Meanwhile, prices for soft white wheat, which is the variety grown mostly in Eastern Washington, have risen from an average of just over $6 per bushel a year ago to nearly $9 per bushel recently.

"The expectations are that with reduced world productions, and with the strong U.S. wheat crop, that prices should remain firm going into the next year, but much of that has to do with supply and demand, not only with wheat, but also with corn," Squires says.

Northwest Farm Credit Services reported Sept. 30 that wheat prices had risen more than 40 percent since June, and most growers had sold 50 percent or more of their 2012 crop. Some farmers have locked in 2013 prices at near $9 per bushel under contract for part of their crops, the lender says.
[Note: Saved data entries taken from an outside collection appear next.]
Lemma normc_le_normvC k (v : 'cV[C]_k) l : Normc.normc (v l 0) <= normvC v.
Proof.
rewrite /normvC; case E: (v l 0) => [a b] /=.
rewrite ler_sqrt ?sumr_ge0 // => [|j _]; last by rewrite addr_ge0 ?sqr_ge0.
by rewrite (bigD1 l) //= E lerDl sumr_ge0 // => j _; rewrite addr_ge0 ?sqr_ge0.
Qed.

Lemma cplx_contraction k (M : 'M[R]_k) :
  (forall a, normv (M *m a) <= normv a) ->
  forall v, normvC (cplx M *m v) <= normvC v.
Proof.
move=> hM v; rewrite !normvC_realify realify_cplx_mul /realify !ler_normv.
by rewrite !sqnormv_col_mx lerD // -ler_normv.
Qed.

End VectorNorms.

Section Unitary.
Variable R : realType.
Local Notation C := R[i].
Local Open Scope complex_scope.

Lemma mulmx_adjoint_self k (v : 'cV[C]_k) :
  ((map_mx conjc v)^T *m v) 0 0 = (normvC v ^+ 2)%:C.
Proof.
rewrite normvC_realify normvE sqr_sqrtr ?sqnormv_ge0 // sqnormv_col_mx.
rewrite /sqnormv -big_split [LHS]mxE; apply/eqP; rewrite eq_complex Re_sum Im_sum /=.
apply/andP; split; apply/eqP; last rewrite big1 //.
  by apply: eq_bigr => l _; rewrite !mxE; case: (v l 0) => a b /=; ring.
by move=> l _; rewrite !mxE; case: (v l 0) => a b /=; ring.
Qed.

Lemma unitary_unitarymx k (U : 'M[C]_k) : unitary U <-> U \is unitarymx.
Proof.
rewrite /unitary; split => [h|/unitarymxP h].
  by apply/unitarymxP; rewrite -map_trmx; exact: mulmx1C.
by rewrite -map_trmx in h; exact: mulmx1C.
Qed.

Lemma big_unitarymx k (I : Type) (r : seq I) (F : I -> 'M[C]_k) :
  (forall i, F i \is unitarymx) -> \big[mulmx/1%:M]_(i <- r) F i \is unitarymx.
Proof.
move=> hF; elim/big_rec: _ => [|i y _ IH]; last exact: mul_unitarymx.
by apply/unitarymxP; rewrite trmx1 map_mx1 mulmx1.
Qed.

Lemma normvC_unitary k (U : 'M[C]_k) (v : 'cV[C]_k) :
  unitary U -> normvC (U *m v) = normvC v.
Proof.
move=> hU; apply/eqP; rewrite -(@eqrXn2 _ 2) ?normvC_ge0 //; apply/eqP/complexI.
by rewrite -!mulmx_adjoint_self map_mxM trmx_mul mulmxA -(mulmxA _ _ U) hU mulmx1.
Qed.

End Unitary.

Section OperatorNorms.
Variable R : realType.
Local Notation C := R[i].
Local Notation cplx := (map_mx (real_complex R)).

Lemma opnormC_bounded k (M : 'M[C]_k) :
  exists B, forall v, normvC v <= 1 -> normvC (M *m v) <= B.
Proof.
exists (\sum_l normvC (col l M)) => v hv.
have -> : M *m v = \sum_l v l 0 *: col l M.
  apply/matrixP => i j; rewrite ord1 !mxE summxE.
  by apply: eq_bigr => l _; rewrite !mxE mulrC.
rewrite (le_trans (normvC_sum _)) // ler_sum // => l _.
by rewrite normvCZ ler_piMl ?normvC_ge0 // (le_trans (normc_le_normvC _ _)).
Qed.

Lemma normvC_mul_le_opnormC k (M : 'M[C]_k) v :
  normvC v <= 1 -> normvC (M *m v) <= opnormC M.
Proof.
move=> hv; apply: sup_upper_bound; last by exists v.
split; first by exists (normvC (M *m v)), v.
by have [B hB] := opnormC_bounded M; exists B => _ [w [hw ->]]; exact: hB.
Qed.

Lemma opnormC_le k (M : 'M[C]_k) B :
  (forall v, normvC v <= 1 -> normvC (M *m v) <= B) -> opnormC M <= B.
Proof.
move=> hB; apply: ge_sup => [|_ [w [hw ->]]]; last exact: hB.
by exists (normvC (M *m 0)), 0; rewrite normvC0 ler01.
Qed.

Lemma opnormC_sum_le k (I : finType) (F : I -> 'M[C]_k) :
  opnormC (\sum_i F i) <= \sum_i opnormC (F i).
Proof.
apply: opnormC_le => v hv; rewrite mulmx_suml (le_trans (normvC_sum _)) //.
by apply: ler_sum => i _; exact: normvC_mul_le_opnormC.
Qed.

Lemma opnormCZ_le k (c : C) (M : 'M[C]_k) :
  opnormC (c *: M) <= Normc.normc c * opnormC M.
Proof.
apply: opnormC_le => v hv; rewrite -scalemxAl normvCZ ler_wpM2l ?normc_ge0 //.
exact: normvC_mul_le_opnormC.
Qed.

Lemma opnormC_block_diag_r k1 k2 (X : 'M[C]_k1) (Y : 'M[C]_k2) :
  opnormC Y <= opnormC (block_mx X 0 0 Y).
Proof.
apply: opnormC_le => y hy.
have normvC_col0 (w : 'cV[C]_k2) : normvC (col_mx (0 : 'cV[C]_k1) w) = normvC w.
  apply/eqP; rewrite -(@eqrXn2 _ 2) ?normvC_ge0 // sqr_normvC_col_mx.
  by rewrite normvC0 expr0n add0r.
have := @normvC_mul_le_opnormC _ (block_mx X 0 0 Y) (col_mx 0 y).
by rewrite mul_block_col !mulmx0 !mul0mx addr0 add0r !normvC_col0; apply.
Qed.

Lemma opnorm_le_opnormC k (M : 'M[R]_k) : opnorm M <= opnormC (cplx M).
Proof.
apply: ge_sup => [|_ [a [ha ->]]].
  by exists (normv (M *m 0)), 0; rewrite normv0 ler01.
by rewrite -normvC_cplx map_mxM normvC_mul_le_opnormC // normvC_cplx.
Qed.

Lemma normv_mul_le_opnorm k (M : 'M[R]_k) a :
  normv a <= 1 -> normv (M *m a) <= opnorm M.
Proof.
move=> ha; apply: sup_upper_bound; last by exists a.
split; first by exists (normv (M *m a)), a.
exists (opnormC (cplx M)) => _ [b [hb ->]].
by rewrite -normvC_cplx map_mxM normvC_mul_le_opnormC // normvC_cplx.
Qed.

Lemma opnorm_le1_contraction k (M : 'M[R]_k) :
  opnorm M <= 1 -> forall a, normv (M *m a) <= normv a.
Proof.
move=> hM a; have [a0|a_neq0] := eqVneq (normv a) 0.
  suff -> : a = 0 by rewrite mulmx0.
  by apply: sqnormv_eq0; rewrite -[sqnormv a]sqr_sqrtr ?sqnormv_ge0 // -normvE a0 expr0n.
have na_gt0 : 0 < normv a by rewrite lt_def a_neq0 normv_ge0.
have := @normv_mul_le_opnorm _ M ((normv a)^-1 *: a).
rewrite -scalemxAr !normvZ ger0_norm ?invr_ge0 ?normv_ge0 // mulVf // lexx.
by move=> /(_ isT) /le_trans /(_ hM); rewrite ler_pdivrMl // mulr1.
Qed.

Lemma contraction_trmx k (M : 'M[R]_k) :
  (forall a, normv (M *m a) <= normv a) -> forall a, normv (M^T *m a) <= normv a.
Proof.
move=> hM a; rewrite ler_normv; set b := M^T *m a.
have dot : sqnormv b = \sum_i a i 0 * (M *m b) i 0.
  transitivity (\sum_l \sum_i b l 0 * (M i l * a i 0)).
    apply: eq_bigr => l _; rewrite expr2 {2}/b mxE mulr_sumr.
    by apply: eq_bigr => i _; rewrite mxE.
  rewrite exchange_big /=; apply: eq_bigr => i _; rewrite mxE mulr_sumr.
  by apply: eq_bigr => l _; rewrite mulrCA mulrA mulrC.
have hMb : sqnormv (M *m b) <= sqnormv b by rewrite -ler_normv.
have cs : sqnormv b ^+ 2 <= sqnormv a * sqnormv b.
  rewrite [in X in X ^+ 2]dot (le_trans (cauchy_schwarz_sum _ _)) //.
  by rewrite ler_wpM2l ?sqnormv_ge0.
have [b0|b_neq0] := eqVneq (sqnormv b) 0; first by rewrite b0 sqnormv_ge0.
by move: cs; rewrite expr2 ler_pM2r // lt_def b_neq0 sqnormv_ge0.
Qed.

End OperatorNorms.

Lemma mulc_conj_eq1 (R : rcfType) (a c : R) :
  a ^+ 2 + c ^+ 2 = 1 -> (a +i* c)%C * (a +i* c)%C^* = 1.
Proof.
by move=> h; apply/eqP; rewrite eq_complex /= -h; apply/andP; split; apply/eqP; ring.
Qed.

Section HermitianContraction.
Variable R : realType.
Local Notation C := R[i].
Local Open Scope complex_scope.
Local Open Scope sesquilinear_scope.
Variables (k : nat) (H : 'M[C]_k).
Local Notation P := (spectralmx H).
Local Notation eig l := (complex.Re (spectral_diag H 0 l)).

(* [H + i sqrt(1 - H^2)] and [H - i sqrt(1 - H^2)], computed in an eigenbasis of [H]. *)
Definition spectral_unitary (b : bool) : 'M[C]_k :=
  invmx P *m diag_mx (\row_l (eig l +i* ((if b then 1 else -1) * Num.sqrt (1 - eig l ^+ 2))))
  *m P.

Hypothesis H_herm : H \is hermsymmx.

Lemma hermitian_spectralE : H = invmx P *m diag_mx (spectral_diag H) *m P.
Proof. exact/orthomx_spectralP/hermitian_normalmx. Qed.

Lemma spectral_diag_real l : spectral_diag H 0 l = (eig l)%:C.
Proof. by rewrite RRe_real // (mxOverP (hermitian_spectral_diag_real H_herm)). Qed.

Lemma spectral_eigenvector l :
  H *m col l (invmx P) = spectral_diag H 0 l *: col l (invmx P).
Proof.
have HP : H *m invmx P = invmx P *m diag_mx (spectral_diag H).
  by rewrite {1}hermitian_spectralE -!mulmxA mulmxV ?spectral_unit // mulmx1.
apply/matrixP => i j; rewrite ord1.
move: HP; rewrite mul_mx_diag => /matrixP/(_ i l); rewrite !mxE [RHS]mulrC => <-.
by apply: eq_bigr => x _; rewrite !mxE.
Qed.

Lemma normvC_spectral_col l : normvC (col l (invmx P)) = 1.
Proof.
have PP : (P *m P^t*) l l = 1.
  by rewrite (unitarymxP (spectral_unitarymx H)) mxE eqxx.
have : (normvC (col l (invmx P)) ^+ 2)%:C = 1.
  rewrite -mulmx_adjoint_self invmx_unitary ?spectral_unitarymx // -PP !mxE.
  by apply: eq_bigr => x _; rewrite !mxE conjcK.
by move/complexI/eqP; rewrite sqrp_eq1 ?normvC_ge0 // => /eqP.
Qed.

Hypothesis H_contr : forall v, normvC (H *m v) <= normvC v.

Lemma eig_sqr_le1 l : eig l ^+ 2 <= 1.
Proof.
have := H_contr (col l (invmx P)).
rewrite spectral_eigenvector normvCZ normvC_spectral_col mulr1 spectral_diag_real.
by rewrite normc_real -real_normK ?num_real // expr_le1 // normr_ge0.
Qed.

Lemma spectral_unitary_unitarymx b : spectral_unitary b \is unitarymx.
Proof.
rewrite /spectral_unitary invmx_unitary ?spectral_unitarymx //.
rewrite !mul_unitarymx ?trmxC_unitary ?spectral_unitarymx //.
apply/unitarymxP/matrixP => i j; rewrite mul_diag_mx !mxE.
have [<-|ne] := eqVneq i j; last by rewrite !mulr0n conjC0 mulr0.
have sign2 : (if b then 1 else -1 : R) ^+ 2 = 1 by case: b; rewrite ?sqrrN expr1n.
rewrite !mulr1n mulc_conj_eq1 // exprMn sign2 mul1r sqr_sqrtr ?subr_ge0 ?eig_sqr_le1 //.
by rewrite addrC subrK.
Qed.

Lemma hermitian_avg_spectral_unitary :
  H = \sum_b (2^-1)%:C *: spectral_unitary b.
Proof.
rewrite {1}hermitian_spectralE /spectral_unitary.
under eq_bigr do rewrite scalemxAl scalemxAr.
rewrite -mulmx_suml -mulmx_sumr; congr (_ *m _ *m _).
apply/matrixP => i j; rewrite summxE big_bool !mxE.
case: (i == j) => /=; last by rewrite !mulr0n mulr0 addr0.
rewrite !mulr1n spectral_diag_real; apply/eqP; rewrite eq_complex /=.
by apply/andP; split; apply/eqP; field.
Qed.
(* A (possibly infinite) graph $G$ is $\omega$-evadible if and only if at least one of the following holds: (1) for every $k\in\mathbb{N}$, $G$ contains a path on $k$ vertices as a subgraph; (2) for every $k\in\mathbb{N}$, there is a vertex $v_k\in V(G)$ lying on $k$ pairwise edge-disjoint cycles of $G$.
   Context: Cat Herding is played on a simple, possibly infinite graph $G$. The cat first places its token on a vertex. Then the players alternate, the herder moving first: the herder deletes one edge of the current graph, and then, unless the cat's current vertex has degree $0$ in the current graph, the cat moves its token along a finite path with at least one edge in the current graph to a different vertex. The cat is captured when its vertex has degree $0$ in the current graph. $G$ is $k$-evadible if the cat has a strategy (including its choice of starting vertex) that, against every herder strategy, yields a legal cat move after each of the first $k-1$ edge deletions; $G$ is $\omega$-evadible if it is $k$-evadible for every $k\in\mathbb{N}$. *)

From Stdlib Require Import List Arith.
Import ListNotations.

Section CatHerding.
Variable V : Type.

Definition simple_graph (adj : V -> V -> Prop) : Prop :=
  (forall x y, adj x y -> adj y x) /\ (forall x, ~ adj x x).

Fixpoint chain (R : V -> V -> Prop) (p : list V) : Prop :=
  match p with
  | [] => True
  | x :: q =>
      match q with
      | [] => True
      | y :: _ => R x y /\ chain R q
      end
  end.

Definition del_edge (E : V -> V -> Prop) (u v : V) : V -> V -> Prop :=
  fun x y => E x y /\ ~ (x = u /\ y = v) /\ ~ (x = v /\ y = u).

(* a legal cat move in the current graph E: c moves along a finite path with
   at least one edge (distinct vertices c :: q) ending at c' (<> c) *)
Definition cat_move (E : V -> V -> Prop) (c c' : V) : Prop :=
  exists q : list V, q <> [] /\ NoDup (c :: q) /\ chain E (c :: q) /\ c' = last q c.

(* survives n: n more rounds: the cat, sitting at c in the current graph E,
   is not captured, and for each edge the herder deletes, the cat has a legal
   move to a position from which it survives n more rounds *)
Fixpoint survives (n : nat) (E : V -> V -> Prop) (c : V) : Prop :=
  match n with
  | 0 => True
  | S m => (exists y, E c y) /\
           forall u v, E u v ->
             exists c', cat_move (del_edge E u v) c c' /\
                        survives m (del_edge E u v) c'
  end.

Definition k_evadible (adj : V -> V -> Prop) (k : nat) : Prop :=
  exists c : V, survives (k - 1) adj c.

Definition omega_evadible (adj : V -> V -> Prop) : Prop :=
  forall k : nat, k_evadible adj k.

Definition has_path_on (adj : V -> V -> Prop) (k : nat) : Prop :=
  exists p : list V, length p = k /\ NoDup p /\ chain adj p.

Definition is_cycle (adj : V -> V -> Prop) (p : list V) : Prop :=
  exists x q, p = x :: q /\ 3 <= length p /\ NoDup p /\ chain adj p /\
              adj (last q x) x.

Definition cyc_edge (p : list V) (u v : V) : Prop :=
  (exists l1 l2, p = l1 ++ u :: v :: l2) \/
  (exists x q, p = x :: q /\ u = last q x /\ v = x).

Definition cycle_has_edge (p : list V) (u v : V) : Prop :=
  cyc_edge p u v \/ cyc_edge p v u.

Definition edge_disjoint (p1 p2 : list V) : Prop :=
  forall u v, cycle_has_edge p1 u v -> ~ cycle_has_edge p2 u v.

Definition on_k_edge_disjoint_cycles (adj : V -> V -> Prop) (v : V) (k : nat) : Prop :=
  exists C : nat -> list V,
    (forall i, i < k -> is_cycle adj (C i) /\ In v (C i)) /\
    (forall i j, i < j -> j < k -> edge_disjoint (C i) (C j)).

End CatHerding.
Squires says many dynamics are influencing wheat prices, including limited corn supplies after this year's severe Midwest drought, but a challenge for producers is higher costs for fertilizer, fuel, equipment, and freight. Producers also are concerned about political turmoil in big wheat-buying countries, such as Yemen and Egypt, which may hamper transporting the commodity there, he says.

Statewide potato production rose 3.1 percent this year over 2011, but producers who lack contracts with major food producers are selling at about $2 or $3 per 100 pounds, which is below the cost of production, Northwest Farm Credit Services says.